(Stored data entries)
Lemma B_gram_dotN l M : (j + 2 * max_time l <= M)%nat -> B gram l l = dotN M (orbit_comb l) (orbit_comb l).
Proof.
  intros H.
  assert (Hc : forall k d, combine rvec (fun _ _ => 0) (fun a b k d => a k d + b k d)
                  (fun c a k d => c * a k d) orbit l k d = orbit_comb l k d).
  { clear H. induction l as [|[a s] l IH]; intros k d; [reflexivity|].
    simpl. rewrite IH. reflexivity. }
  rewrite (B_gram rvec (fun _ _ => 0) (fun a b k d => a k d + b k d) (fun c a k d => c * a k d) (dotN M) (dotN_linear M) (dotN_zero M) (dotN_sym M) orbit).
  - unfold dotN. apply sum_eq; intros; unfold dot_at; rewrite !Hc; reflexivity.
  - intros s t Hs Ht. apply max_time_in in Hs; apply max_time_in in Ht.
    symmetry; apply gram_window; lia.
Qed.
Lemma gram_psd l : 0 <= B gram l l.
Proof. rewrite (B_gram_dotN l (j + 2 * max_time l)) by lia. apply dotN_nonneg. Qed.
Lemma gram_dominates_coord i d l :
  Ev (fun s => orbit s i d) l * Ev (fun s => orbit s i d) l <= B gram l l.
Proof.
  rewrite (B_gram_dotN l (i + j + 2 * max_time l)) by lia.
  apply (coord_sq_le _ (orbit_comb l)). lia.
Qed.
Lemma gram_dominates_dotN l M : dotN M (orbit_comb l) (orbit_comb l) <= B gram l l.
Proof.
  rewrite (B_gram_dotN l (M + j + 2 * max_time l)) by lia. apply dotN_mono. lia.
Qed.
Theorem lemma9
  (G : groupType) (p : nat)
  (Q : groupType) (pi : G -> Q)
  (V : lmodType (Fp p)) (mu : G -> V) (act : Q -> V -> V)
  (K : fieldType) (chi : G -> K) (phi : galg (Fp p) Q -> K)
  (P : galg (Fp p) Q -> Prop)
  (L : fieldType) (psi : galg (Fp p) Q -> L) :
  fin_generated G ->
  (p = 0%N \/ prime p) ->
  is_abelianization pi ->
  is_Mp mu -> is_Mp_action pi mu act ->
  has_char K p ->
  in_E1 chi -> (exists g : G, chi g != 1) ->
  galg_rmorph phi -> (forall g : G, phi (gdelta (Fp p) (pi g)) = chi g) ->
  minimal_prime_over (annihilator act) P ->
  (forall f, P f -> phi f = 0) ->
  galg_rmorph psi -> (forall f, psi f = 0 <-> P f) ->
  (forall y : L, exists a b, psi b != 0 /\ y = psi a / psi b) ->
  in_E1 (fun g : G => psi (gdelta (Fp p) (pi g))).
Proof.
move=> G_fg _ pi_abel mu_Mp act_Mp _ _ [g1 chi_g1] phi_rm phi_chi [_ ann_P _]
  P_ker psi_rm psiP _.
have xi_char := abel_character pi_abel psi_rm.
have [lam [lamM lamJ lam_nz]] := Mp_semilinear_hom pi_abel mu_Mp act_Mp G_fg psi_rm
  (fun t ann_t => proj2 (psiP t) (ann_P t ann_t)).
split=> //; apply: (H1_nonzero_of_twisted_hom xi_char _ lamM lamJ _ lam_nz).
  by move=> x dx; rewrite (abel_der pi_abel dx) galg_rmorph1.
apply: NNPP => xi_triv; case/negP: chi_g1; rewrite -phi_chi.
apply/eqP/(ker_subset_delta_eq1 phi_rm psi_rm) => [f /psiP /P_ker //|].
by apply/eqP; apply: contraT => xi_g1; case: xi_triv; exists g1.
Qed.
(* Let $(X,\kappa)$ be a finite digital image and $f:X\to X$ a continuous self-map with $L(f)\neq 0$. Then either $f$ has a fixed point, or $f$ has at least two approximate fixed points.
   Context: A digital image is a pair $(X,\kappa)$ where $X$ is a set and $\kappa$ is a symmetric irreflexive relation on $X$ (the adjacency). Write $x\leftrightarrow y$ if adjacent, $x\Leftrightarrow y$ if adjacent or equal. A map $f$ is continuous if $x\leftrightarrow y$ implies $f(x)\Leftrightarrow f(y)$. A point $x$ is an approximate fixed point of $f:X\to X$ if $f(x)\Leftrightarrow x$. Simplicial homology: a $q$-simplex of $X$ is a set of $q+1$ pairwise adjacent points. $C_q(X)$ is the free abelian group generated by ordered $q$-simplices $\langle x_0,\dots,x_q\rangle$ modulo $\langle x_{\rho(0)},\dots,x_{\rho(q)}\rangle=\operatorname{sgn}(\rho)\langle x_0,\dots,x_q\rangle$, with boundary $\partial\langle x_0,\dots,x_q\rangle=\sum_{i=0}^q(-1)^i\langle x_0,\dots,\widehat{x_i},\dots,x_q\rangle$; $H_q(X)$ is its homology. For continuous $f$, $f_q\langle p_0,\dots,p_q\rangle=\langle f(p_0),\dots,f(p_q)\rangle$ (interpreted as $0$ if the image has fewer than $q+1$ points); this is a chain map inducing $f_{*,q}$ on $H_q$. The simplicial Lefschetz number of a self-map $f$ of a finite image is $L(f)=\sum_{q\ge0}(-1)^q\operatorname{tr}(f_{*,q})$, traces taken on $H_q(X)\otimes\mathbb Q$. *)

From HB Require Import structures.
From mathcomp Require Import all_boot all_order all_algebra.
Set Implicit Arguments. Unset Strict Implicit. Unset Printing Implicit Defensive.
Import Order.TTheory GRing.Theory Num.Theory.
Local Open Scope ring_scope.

## PROBLEM TO WORK ON:
Each record above needs to be set down again, word for word.

## RESPONSE BOX:
Lemma B_gram_dotN l M : (j + 2 * max_time l <= M)%nat -> B gram l l = dotN M (orbit_comb l) (orbit_comb l).
Proof.
  intros H.
  assert (Hc : forall k d, combine rvec (fun _ _ => 0) (fun a b k d => a k d + b k d)
                  (fun c a k d => c * a k d) orbit l k d = orbit_comb l k d).
  { clear H. induction l as [|[a s] l IH]; intros k d; [reflexivity|].
    simpl. rewrite IH. reflexivity. }
  rewrite (B_gram rvec (fun _ _ => 0) (fun a b k d => a k d + b k d) (fun c a k d => c * a k d) (dotN M) (dotN_linear M) (dotN_zero M) (dotN_sym M) orbit).
  - unfold dotN. apply sum_eq; intros; unfold dot_at; rewrite !Hc; reflexivity.
  - intros s t Hs Ht. apply max_time_in in Hs; apply max_time_in in Ht.
    symmetry; apply gram_window; lia.
Qed.
Lemma gram_psd l : 0 <= B gram l l.
Proof. rewrite (B_gram_dotN l (j + 2 * max_time l)) by lia. apply dotN_nonneg. Qed.
Lemma gram_dominates_coord i d l :
  Ev (fun s => orbit s i d) l * Ev (fun s => orbit s i d) l <= B gram l l.
Proof.
  rewrite (B_gram_dotN l (i + j + 2 * max_time l)) by lia.
  apply (coord_sq_le _ (orbit_comb l)). lia.
Qed.
Lemma gram_dominates_dotN l M : dotN M (orbit_comb l) (orbit_comb l) <= B gram l l.
Proof.
  rewrite (B_gram_dotN l (M + j + 2 * max_time l)) by lia. apply dotN_mono. lia.
Qed.
Theorem lemma9
  (G : groupType) (p : nat)
  (Q : groupType) (pi : G -> Q)
  (V : lmodType (Fp p)) (mu : G -> V) (act : Q -> V -> V)
  (K : fieldType) (chi : G -> K) (phi : galg (Fp p) Q -> K)
  (P : galg (Fp p) Q -> Prop)
  (L : fieldType) (psi : galg (Fp p) Q -> L) :
  fin_generated G ->
  (p = 0%N \/ prime p) ->
  is_abelianization pi ->
  is_Mp mu -> is_Mp_action pi mu act ->
  has_char K p ->
  in_E1 chi -> (exists g : G, chi g != 1) ->
  galg_rmorph phi -> (forall g : G, phi (gdelta (Fp p) (pi g)) = chi g) ->
  minimal_prime_over (annihilator act) P ->
  (forall f, P f -> phi f = 0) ->
  galg_rmorph psi -> (forall f, psi f = 0 <-> P f) ->
  (forall y : L, exists a b, psi b != 0 /\ y = psi a / psi b) ->
  in_E1 (fun g : G => psi (gdelta (Fp p) (pi g))).
Proof.
move=> G_fg _ pi_abel mu_Mp act_Mp _ _ [g1 chi_g1] phi_rm phi_chi [_ ann_P _]
  P_ker psi_rm psiP _.
have xi_char := abel_character pi_abel psi_rm.
have [lam [lamM lamJ lam_nz]] := Mp_semilinear_hom pi_abel mu_Mp act_Mp G_fg psi_rm
  (fun t ann_t => proj2 (psiP t) (ann_P t ann_t)).
split=> //; apply: (H1_nonzero_of_twisted_hom xi_char _ lamM lamJ _ lam_nz).
  by move=> x dx; rewrite (abel_der pi_abel dx) galg_rmorph1.
apply: NNPP => xi_triv; case/negP: chi_g1; rewrite -phi_chi.
apply/eqP/(ker_subset_delta_eq1 phi_rm psi_rm) => [f /psiP /P_ker //|].
by apply/eqP; apply: contraT => xi_g1; case: xi_triv; exists g1.
Qed.
(* Let $(X,\kappa)$ be a finite digital image and $f:X\to X$ a continuous self-map with $L(f)\neq 0$. Then either $f$ has a fixed point, or $f$ has at least two approximate fixed points.
   Context: A digital image is a pair $(X,\kappa)$ where $X$ is a set and $\kappa$ is a symmetric irreflexive relation on $X$ (the adjacency). Write $x\leftrightarrow y$ if adjacent, $x\Leftrightarrow y$ if adjacent or equal. A map $f$ is continuous if $x\leftrightarrow y$ implies $f(x)\Leftrightarrow f(y)$. A point $x$ is an approximate fixed point of $f:X\to X$ if $f(x)\Leftrightarrow x$. Simplicial homology: a $q$-simplex of $X$ is a set of $q+1$ pairwise adjacent points. $C_q(X)$ is the free abelian group generated by ordered $q$-simplices $\langle x_0,\dots,x_q\rangle$ modulo $\langle x_{\rho(0)},\dots,x_{\rho(q)}\rangle=\operatorname{sgn}(\rho)\langle x_0,\dots,x_q\rangle$, with boundary $\partial\langle x_0,\dots,x_q\rangle=\sum_{i=0}^q(-1)^i\langle x_0,\dots,\widehat{x_i},\dots,x_q\rangle$; $H_q(X)$ is its homology. For continuous $f$, $f_q\langle p_0,\dots,p_q\rangle=\langle f(p_0),\dots,f(p_q)\rangle$ (interpreted as $0$ if the image has fewer than $q+1$ points); this is a chain map inducing $f_{*,q}$ on $H_q$. The simplicial Lefschetz number of a self-map $f$ of a finite image is $L(f)=\sum_{q\ge0}(-1)^q\operatorname{tr}(f_{*,q})$, traces taken on $H_q(X)\otimes\mathbb Q$. *)

From HB Require Import structures.
From mathcomp Require Import all_boot all_order all_algebra.
Set Implicit Arguments. Unset Strict Implicit. Unset Printing Implicit Defensive.
Import Order.TTheory GRing.Theory Num.Theory.
Local Open Scope ring_scope.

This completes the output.